* _What you are asked to do_
The answer must consist solely of the line containing "Import Order.TTheory GRing.Theory Num.Theory." and every line after it in the records below, through the last, each reproduced exactly.

* _Collected data entries_
(* Assume $0<\nu<1$, $\mathbf{x}_E(t_0)\neq\mathbf{x}_P(t_0)$, $\delta>0$, and the pursuer uses the law $\mathbf{v}_P=\mathbf{z}_P/\|\mathbf{z}_P\|$ with $\mathbf{z}_P(t)=(R_{\mathcal C}-R_{\mathcal A}(t))\,\mathbf{r}(t)/\|\mathbf{r}(t)\|+\nu\mathbf{y}(t)$. Then for every admissible evader control and every $t>t_0$ (up to capture), $\|\mathbf{r}(t)\|<\|\mathbf{r}(t_0)\|$. In particular, if the pursuer can sense the evader whenever their distance is at most $\rho$, with $\rho\ge\|\mathbf{r}(t_0)\|$, then the evader remains within sensing range until capture.
   Context: Setting (simple-motion pursuit–evasion in the plane). An evader and a pursuer have positions $\mathbf{x}_E(t),\mathbf{x}_P(t)\in\mathbb R^2$ with dynamics $\dot{\mathbf{x}}_E=\mathbf{v}_E$, $\dot{\mathbf{x}}_P=\mathbf{v}_P$, where $\|\mathbf{v}_E\|\le\nu$, $\|\mathbf{v}_P\|\le 1$, $0\le\nu<1$. The game starts at $t_0$ and ends at capture, the first time $\mathbf{x}_P=\mathbf{x}_E$. Set $\alpha=1/(1-\nu^2)$, $\gamma=\nu\alpha$, $\beta=\nu^2\alpha$, $\mathbf{r}=\mathbf{x}_E-\mathbf{x}_P$. The Apollonius disc $\mathcal A(t)$ is the closed disc with center $\mathbf{x}_{\mathcal A}(t)=\alpha\mathbf{x}_E(t)-\beta\mathbf{x}_P(t)$ and radius $R_{\mathcal A}(t)=\gamma\|\mathbf{r}(t)\|$. Given $\delta>0$, $\mathcal C$ is the closed disc with center $\mathbf{x}_{\mathcal C}=\mathbf{x}_{\mathcal A}(t_0)$ and radius $R_{\mathcal C}=R_{\mathcal A}(t_0)+\delta$; $\mathbf{y}(t)=\mathbf{x}_{\mathcal A}(t)-\mathbf{x}_{\mathcal C}$. *)

From HB Require Import structures.
From mathcomp Require Import all_boot all_order all_algebra.
From mathcomp Require Import all_classical all_reals all_analysis.
Set Implicit Arguments. Unset Strict Implicit. Unset Printing Implicit Defensive.
Import Order.TTheory GRing.Theory Num.Theory.
Import numFieldNormedType.Exports.
Local Open Scope classical_set_scope.
Local Open Scope ring_scope.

* _Exercise output_
Import Order.TTheory GRing.Theory Num.Theory.
Import numFieldNormedType.Exports.
Local Open Scope classical_set_scope.
Local Open Scope ring_scope.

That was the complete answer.